§ **EXERCISE**
The entries below contain a line with "have := cost_ge_potential round3_leaves." and a line with "tmap f (grouped_tree". Retype exactly everything from the first down to the second, both included, and nothing else.

━━━ DATA SHOWN ━━━

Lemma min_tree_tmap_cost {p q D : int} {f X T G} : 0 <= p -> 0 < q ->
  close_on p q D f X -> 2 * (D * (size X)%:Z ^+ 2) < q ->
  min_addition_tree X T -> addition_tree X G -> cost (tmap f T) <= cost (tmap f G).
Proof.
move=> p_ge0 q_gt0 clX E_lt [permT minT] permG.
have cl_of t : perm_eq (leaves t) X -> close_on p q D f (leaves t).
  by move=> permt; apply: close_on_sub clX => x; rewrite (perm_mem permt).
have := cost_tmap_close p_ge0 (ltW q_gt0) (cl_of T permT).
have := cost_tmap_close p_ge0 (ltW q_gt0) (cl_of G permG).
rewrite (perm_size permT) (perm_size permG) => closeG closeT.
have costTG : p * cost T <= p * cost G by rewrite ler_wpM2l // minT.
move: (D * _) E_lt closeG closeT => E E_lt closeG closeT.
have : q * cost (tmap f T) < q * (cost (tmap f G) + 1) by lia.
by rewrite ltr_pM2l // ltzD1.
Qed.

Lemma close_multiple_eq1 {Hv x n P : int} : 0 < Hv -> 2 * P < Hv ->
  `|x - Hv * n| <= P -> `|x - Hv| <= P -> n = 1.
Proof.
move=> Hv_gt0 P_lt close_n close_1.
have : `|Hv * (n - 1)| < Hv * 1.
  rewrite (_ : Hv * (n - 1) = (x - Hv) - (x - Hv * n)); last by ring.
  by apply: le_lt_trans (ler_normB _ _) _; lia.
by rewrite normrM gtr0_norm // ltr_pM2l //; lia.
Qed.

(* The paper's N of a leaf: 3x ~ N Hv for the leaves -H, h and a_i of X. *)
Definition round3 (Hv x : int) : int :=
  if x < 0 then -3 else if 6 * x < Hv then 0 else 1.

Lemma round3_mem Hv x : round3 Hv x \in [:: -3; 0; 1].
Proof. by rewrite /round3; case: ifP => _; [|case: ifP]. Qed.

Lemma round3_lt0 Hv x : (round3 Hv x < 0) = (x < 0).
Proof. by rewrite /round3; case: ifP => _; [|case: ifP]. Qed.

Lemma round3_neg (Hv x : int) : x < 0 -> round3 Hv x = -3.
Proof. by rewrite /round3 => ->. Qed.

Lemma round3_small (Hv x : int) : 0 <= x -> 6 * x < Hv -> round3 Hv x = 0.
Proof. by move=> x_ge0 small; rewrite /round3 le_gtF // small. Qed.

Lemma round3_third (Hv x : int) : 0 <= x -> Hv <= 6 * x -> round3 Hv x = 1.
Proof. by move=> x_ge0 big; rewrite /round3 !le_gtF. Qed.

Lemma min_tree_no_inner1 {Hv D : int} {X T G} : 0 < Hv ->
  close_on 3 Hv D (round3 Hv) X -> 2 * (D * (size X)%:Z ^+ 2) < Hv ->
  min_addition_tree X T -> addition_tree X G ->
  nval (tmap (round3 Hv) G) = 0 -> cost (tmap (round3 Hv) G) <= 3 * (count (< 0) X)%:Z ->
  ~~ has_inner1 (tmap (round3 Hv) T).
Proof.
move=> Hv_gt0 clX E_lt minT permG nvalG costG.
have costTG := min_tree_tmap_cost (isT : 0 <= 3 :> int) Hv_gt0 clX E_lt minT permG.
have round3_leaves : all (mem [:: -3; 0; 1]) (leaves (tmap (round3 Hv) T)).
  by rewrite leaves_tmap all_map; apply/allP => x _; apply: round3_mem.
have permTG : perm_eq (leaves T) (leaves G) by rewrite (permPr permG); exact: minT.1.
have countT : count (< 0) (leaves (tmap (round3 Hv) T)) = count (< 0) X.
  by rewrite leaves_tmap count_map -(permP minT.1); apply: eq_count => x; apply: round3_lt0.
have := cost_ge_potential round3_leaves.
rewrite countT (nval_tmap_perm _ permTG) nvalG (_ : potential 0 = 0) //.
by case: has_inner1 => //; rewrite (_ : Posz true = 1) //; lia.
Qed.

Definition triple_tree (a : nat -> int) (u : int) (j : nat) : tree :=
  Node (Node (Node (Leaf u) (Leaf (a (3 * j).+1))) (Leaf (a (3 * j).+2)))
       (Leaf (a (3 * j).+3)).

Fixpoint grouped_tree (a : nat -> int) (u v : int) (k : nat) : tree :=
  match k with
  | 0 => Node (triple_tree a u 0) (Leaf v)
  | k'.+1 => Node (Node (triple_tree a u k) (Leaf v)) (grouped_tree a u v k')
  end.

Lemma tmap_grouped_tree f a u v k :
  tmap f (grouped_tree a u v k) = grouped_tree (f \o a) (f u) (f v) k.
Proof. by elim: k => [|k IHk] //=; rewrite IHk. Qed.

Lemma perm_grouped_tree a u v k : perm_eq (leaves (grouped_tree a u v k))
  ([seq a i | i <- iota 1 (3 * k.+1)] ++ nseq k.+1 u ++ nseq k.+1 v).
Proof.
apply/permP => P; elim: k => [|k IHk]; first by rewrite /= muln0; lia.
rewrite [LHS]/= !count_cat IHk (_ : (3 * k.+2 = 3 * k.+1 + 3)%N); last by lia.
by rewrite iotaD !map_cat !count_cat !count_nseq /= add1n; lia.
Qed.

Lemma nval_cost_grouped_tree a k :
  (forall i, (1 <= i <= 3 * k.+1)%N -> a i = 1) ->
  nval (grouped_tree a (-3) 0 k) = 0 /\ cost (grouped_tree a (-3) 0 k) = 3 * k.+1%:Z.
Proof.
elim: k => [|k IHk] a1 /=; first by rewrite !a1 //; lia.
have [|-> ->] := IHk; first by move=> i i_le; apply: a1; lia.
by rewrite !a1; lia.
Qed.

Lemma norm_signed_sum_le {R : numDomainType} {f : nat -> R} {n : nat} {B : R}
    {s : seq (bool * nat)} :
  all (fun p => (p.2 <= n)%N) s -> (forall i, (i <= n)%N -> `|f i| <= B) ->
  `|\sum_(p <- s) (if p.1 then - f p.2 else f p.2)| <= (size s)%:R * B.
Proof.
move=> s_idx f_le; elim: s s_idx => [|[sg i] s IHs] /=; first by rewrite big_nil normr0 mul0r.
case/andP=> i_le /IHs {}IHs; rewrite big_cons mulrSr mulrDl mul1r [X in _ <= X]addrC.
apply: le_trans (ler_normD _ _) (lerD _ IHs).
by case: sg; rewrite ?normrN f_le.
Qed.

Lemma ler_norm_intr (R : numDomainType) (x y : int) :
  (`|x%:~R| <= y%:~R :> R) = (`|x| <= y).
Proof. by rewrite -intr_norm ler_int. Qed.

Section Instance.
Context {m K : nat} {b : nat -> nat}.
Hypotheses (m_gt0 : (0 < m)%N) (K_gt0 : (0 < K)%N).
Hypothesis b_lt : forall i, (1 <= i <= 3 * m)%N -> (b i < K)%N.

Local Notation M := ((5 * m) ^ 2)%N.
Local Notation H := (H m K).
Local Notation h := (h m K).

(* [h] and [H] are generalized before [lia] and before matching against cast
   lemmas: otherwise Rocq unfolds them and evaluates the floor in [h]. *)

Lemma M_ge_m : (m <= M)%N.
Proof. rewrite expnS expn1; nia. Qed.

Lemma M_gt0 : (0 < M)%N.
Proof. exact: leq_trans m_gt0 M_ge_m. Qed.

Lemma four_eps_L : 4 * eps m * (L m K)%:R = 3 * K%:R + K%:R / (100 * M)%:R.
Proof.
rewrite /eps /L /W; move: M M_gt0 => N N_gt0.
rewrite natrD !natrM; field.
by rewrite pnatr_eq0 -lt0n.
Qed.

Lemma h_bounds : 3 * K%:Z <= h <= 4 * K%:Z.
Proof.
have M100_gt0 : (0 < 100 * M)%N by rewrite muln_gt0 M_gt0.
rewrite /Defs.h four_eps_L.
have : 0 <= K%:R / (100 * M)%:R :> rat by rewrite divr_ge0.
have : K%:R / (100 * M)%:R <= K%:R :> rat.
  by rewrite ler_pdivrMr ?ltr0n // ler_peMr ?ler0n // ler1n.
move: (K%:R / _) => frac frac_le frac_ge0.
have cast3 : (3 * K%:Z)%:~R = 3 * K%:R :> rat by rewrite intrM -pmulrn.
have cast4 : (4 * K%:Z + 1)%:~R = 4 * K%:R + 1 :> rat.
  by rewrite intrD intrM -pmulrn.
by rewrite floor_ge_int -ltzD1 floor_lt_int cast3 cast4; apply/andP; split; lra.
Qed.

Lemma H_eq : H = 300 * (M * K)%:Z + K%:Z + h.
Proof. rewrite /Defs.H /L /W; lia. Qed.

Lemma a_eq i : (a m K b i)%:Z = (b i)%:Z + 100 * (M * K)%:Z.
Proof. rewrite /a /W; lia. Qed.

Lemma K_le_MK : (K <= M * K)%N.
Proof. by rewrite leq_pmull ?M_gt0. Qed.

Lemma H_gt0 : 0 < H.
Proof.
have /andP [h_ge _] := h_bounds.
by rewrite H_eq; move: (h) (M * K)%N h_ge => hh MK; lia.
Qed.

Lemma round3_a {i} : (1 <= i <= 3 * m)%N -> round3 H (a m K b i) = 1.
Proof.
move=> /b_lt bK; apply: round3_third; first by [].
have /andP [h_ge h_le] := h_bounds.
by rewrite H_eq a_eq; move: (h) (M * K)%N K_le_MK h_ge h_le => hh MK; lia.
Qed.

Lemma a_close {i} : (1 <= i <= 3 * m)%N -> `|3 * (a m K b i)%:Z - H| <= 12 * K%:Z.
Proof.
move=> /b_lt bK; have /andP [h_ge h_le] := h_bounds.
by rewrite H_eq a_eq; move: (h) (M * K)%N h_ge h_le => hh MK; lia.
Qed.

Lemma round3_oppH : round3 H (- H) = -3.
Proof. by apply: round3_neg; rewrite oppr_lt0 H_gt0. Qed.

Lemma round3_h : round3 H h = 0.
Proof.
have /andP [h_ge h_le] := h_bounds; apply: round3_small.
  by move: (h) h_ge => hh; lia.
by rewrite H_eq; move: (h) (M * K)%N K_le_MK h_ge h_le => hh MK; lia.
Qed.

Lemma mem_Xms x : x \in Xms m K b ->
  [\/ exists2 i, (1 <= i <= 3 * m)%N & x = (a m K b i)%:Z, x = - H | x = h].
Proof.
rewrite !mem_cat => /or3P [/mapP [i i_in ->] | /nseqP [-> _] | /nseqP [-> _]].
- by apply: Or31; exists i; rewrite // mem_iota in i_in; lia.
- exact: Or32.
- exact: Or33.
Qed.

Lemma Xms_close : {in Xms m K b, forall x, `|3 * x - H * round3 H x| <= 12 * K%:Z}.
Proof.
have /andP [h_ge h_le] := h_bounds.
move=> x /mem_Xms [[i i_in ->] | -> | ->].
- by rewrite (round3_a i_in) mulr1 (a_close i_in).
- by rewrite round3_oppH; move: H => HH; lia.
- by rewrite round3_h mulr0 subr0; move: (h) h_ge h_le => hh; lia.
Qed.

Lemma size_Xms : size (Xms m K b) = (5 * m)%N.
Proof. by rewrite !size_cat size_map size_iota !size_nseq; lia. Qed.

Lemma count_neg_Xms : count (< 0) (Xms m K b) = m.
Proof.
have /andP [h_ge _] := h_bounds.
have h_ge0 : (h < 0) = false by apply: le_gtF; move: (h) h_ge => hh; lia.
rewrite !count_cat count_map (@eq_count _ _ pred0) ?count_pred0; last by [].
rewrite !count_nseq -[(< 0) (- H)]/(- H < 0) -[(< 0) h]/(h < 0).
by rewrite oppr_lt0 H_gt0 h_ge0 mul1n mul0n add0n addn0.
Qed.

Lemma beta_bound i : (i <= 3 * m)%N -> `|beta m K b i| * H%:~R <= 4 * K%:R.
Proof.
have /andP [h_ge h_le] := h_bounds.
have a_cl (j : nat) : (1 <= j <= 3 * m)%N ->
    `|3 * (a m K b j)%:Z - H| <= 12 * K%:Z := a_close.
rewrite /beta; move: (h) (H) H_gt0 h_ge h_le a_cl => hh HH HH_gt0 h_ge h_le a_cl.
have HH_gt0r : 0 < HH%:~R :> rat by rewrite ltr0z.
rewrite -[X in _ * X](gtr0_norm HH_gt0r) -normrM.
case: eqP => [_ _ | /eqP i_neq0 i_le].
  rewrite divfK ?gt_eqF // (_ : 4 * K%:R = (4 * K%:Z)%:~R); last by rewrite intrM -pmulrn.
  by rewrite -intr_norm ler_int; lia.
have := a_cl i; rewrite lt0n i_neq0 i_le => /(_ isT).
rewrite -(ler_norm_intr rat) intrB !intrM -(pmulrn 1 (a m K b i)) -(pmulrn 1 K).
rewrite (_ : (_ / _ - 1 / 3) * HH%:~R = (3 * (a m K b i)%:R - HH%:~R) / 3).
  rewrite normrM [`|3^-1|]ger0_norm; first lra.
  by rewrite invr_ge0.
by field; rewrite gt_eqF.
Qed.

━━━
━━━ DATA SHOWN ━━━

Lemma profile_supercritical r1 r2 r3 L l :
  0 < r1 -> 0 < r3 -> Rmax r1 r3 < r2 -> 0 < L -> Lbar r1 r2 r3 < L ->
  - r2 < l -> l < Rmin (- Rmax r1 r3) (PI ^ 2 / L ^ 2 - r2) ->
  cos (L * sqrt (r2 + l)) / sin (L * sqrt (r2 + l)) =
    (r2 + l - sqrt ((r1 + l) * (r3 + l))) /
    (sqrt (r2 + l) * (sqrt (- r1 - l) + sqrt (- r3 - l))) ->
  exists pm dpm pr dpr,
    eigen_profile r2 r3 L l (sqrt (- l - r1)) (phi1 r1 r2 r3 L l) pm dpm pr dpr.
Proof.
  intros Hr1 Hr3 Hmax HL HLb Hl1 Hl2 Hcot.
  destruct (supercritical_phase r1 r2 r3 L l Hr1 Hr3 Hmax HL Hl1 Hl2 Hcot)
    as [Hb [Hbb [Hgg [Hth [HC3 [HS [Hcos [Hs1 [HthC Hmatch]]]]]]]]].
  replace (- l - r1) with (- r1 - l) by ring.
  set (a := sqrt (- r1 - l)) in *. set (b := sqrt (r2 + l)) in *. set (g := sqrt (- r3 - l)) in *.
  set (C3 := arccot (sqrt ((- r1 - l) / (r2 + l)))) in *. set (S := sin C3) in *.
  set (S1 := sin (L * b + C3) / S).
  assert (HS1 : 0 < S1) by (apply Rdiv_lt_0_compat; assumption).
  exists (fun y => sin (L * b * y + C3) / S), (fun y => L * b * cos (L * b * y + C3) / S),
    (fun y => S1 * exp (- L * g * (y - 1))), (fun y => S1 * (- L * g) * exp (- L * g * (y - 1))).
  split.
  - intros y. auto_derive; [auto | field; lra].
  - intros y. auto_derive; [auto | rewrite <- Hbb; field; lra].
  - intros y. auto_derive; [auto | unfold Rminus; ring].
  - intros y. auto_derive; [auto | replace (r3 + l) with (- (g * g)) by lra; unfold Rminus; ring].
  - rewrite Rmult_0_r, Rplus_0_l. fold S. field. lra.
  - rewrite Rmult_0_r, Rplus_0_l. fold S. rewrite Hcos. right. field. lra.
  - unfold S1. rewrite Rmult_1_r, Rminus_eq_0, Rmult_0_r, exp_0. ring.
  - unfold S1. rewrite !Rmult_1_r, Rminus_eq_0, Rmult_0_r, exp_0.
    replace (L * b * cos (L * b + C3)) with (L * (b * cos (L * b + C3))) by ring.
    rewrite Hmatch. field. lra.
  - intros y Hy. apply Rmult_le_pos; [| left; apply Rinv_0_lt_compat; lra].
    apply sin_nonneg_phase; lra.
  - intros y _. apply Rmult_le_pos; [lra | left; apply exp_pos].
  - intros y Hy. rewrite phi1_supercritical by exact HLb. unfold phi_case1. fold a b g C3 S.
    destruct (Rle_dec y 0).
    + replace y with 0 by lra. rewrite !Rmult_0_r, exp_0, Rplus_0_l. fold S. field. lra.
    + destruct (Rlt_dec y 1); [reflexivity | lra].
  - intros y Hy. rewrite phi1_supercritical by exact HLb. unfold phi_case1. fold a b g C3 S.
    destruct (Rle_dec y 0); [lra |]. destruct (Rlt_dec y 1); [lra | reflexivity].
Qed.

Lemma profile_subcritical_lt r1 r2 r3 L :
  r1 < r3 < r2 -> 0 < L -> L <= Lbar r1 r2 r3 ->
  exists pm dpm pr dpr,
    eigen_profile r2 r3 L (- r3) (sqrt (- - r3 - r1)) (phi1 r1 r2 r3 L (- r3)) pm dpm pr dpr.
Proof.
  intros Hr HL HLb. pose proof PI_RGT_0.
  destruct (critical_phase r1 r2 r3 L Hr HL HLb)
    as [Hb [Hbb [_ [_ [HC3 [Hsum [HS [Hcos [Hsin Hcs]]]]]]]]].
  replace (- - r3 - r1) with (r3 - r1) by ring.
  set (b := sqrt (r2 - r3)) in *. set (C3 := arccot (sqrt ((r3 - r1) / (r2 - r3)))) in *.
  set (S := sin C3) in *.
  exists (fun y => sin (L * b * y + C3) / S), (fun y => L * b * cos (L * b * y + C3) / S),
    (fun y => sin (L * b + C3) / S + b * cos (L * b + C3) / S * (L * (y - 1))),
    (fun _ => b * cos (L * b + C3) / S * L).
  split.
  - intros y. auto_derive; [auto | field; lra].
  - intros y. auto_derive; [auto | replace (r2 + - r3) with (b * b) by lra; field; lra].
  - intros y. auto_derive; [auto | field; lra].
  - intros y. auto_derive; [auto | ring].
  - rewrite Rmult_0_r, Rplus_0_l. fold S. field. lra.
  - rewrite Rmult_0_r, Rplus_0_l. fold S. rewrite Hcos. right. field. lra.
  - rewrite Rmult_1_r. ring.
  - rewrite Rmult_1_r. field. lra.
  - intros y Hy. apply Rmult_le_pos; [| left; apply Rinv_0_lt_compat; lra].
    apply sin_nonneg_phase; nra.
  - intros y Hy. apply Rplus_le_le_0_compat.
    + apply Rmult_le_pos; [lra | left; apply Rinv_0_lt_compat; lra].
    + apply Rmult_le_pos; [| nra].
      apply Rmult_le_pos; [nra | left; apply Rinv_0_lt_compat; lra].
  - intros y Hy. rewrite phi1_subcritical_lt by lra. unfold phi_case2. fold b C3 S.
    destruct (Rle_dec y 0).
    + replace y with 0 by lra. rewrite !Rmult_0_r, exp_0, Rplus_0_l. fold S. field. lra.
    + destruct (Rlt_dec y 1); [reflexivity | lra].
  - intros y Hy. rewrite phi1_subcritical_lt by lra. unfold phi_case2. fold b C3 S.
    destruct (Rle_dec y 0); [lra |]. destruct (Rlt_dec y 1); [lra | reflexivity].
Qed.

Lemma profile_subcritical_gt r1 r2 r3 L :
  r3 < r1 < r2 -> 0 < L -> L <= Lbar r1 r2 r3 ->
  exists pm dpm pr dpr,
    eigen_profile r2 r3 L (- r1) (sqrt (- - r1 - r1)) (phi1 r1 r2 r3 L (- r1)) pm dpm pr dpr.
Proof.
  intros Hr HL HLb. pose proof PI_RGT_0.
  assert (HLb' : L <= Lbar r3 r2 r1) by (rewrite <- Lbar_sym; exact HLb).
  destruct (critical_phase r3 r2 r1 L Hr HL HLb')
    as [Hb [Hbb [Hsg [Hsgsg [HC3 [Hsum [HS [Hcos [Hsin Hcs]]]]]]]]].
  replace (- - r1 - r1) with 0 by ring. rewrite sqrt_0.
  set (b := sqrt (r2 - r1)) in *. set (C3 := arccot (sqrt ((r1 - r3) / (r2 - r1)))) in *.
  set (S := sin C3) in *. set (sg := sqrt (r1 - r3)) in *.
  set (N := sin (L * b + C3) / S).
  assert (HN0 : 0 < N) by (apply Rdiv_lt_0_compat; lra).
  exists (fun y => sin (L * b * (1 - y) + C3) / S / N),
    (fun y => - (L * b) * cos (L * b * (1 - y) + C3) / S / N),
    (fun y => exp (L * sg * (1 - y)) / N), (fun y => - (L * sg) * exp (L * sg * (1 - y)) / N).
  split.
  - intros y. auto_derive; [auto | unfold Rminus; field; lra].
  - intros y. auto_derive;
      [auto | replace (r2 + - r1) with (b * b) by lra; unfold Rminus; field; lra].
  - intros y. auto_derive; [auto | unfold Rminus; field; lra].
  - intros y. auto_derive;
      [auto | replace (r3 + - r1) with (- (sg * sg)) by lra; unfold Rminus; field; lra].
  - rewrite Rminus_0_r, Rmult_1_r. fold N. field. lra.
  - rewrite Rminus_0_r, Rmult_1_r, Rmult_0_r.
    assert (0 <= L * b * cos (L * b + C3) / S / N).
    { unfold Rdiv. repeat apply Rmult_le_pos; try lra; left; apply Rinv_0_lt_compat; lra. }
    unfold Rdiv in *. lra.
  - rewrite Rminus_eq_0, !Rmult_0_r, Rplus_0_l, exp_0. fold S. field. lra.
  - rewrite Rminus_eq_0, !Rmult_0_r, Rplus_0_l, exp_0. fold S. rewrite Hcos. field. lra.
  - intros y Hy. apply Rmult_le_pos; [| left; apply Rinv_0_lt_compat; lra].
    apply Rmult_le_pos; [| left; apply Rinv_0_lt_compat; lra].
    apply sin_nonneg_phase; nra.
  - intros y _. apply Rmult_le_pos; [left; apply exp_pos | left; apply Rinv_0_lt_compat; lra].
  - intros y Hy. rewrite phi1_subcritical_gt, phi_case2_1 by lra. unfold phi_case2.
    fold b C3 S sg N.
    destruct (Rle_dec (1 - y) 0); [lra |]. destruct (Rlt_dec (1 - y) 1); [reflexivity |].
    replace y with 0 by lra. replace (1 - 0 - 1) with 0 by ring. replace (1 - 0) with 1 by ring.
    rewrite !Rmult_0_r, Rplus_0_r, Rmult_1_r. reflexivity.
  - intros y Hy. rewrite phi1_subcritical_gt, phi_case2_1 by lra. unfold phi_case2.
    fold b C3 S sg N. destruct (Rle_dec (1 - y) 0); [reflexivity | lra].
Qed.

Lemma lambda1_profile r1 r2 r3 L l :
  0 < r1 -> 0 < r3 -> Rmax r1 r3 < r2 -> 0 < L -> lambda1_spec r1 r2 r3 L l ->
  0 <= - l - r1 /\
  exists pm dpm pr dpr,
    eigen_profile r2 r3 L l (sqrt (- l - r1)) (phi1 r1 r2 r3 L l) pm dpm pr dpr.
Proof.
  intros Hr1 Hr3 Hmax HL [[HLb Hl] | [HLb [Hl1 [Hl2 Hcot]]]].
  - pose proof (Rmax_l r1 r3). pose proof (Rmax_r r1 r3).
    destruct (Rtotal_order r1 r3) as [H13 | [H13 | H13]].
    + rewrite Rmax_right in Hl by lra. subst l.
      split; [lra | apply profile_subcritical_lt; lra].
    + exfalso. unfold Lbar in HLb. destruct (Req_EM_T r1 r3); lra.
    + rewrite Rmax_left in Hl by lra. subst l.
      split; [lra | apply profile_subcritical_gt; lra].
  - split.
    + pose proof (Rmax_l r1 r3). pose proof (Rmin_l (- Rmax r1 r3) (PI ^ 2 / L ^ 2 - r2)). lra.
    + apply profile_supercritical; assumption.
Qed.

━━━

§ **TASK ANSWER**
have := cost_ge_potential round3_leaves.
rewrite countT (nval_tmap_perm _ permTG) nvalG (_ : potential 0 = 0) //.
by case: has_inner1 => //; rewrite (_ : Posz true = 1) //; lia.
Qed.

Definition triple_tree (a : nat -> int) (u : int) (j : nat) : tree :=
  Node (Node (Node (Leaf u) (Leaf (a (3 * j).+1))) (Leaf (a (3 * j).+2)))
       (Leaf (a (3 * j).+3)).

Fixpoint grouped_tree (a : nat -> int) (u v : int) (k : nat) : tree :=
  match k with
  | 0 => Node (triple_tree a u 0) (Leaf v)
  | k'.+1 => Node (Node (triple_tree a u k) (Leaf v)) (grouped_tree a u v k')
  end.

Lemma tmap_grouped_tree f a u v k :
  tmap f (grouped_tree a u v k) = grouped_tree (f \o a) (f u) (f v) k.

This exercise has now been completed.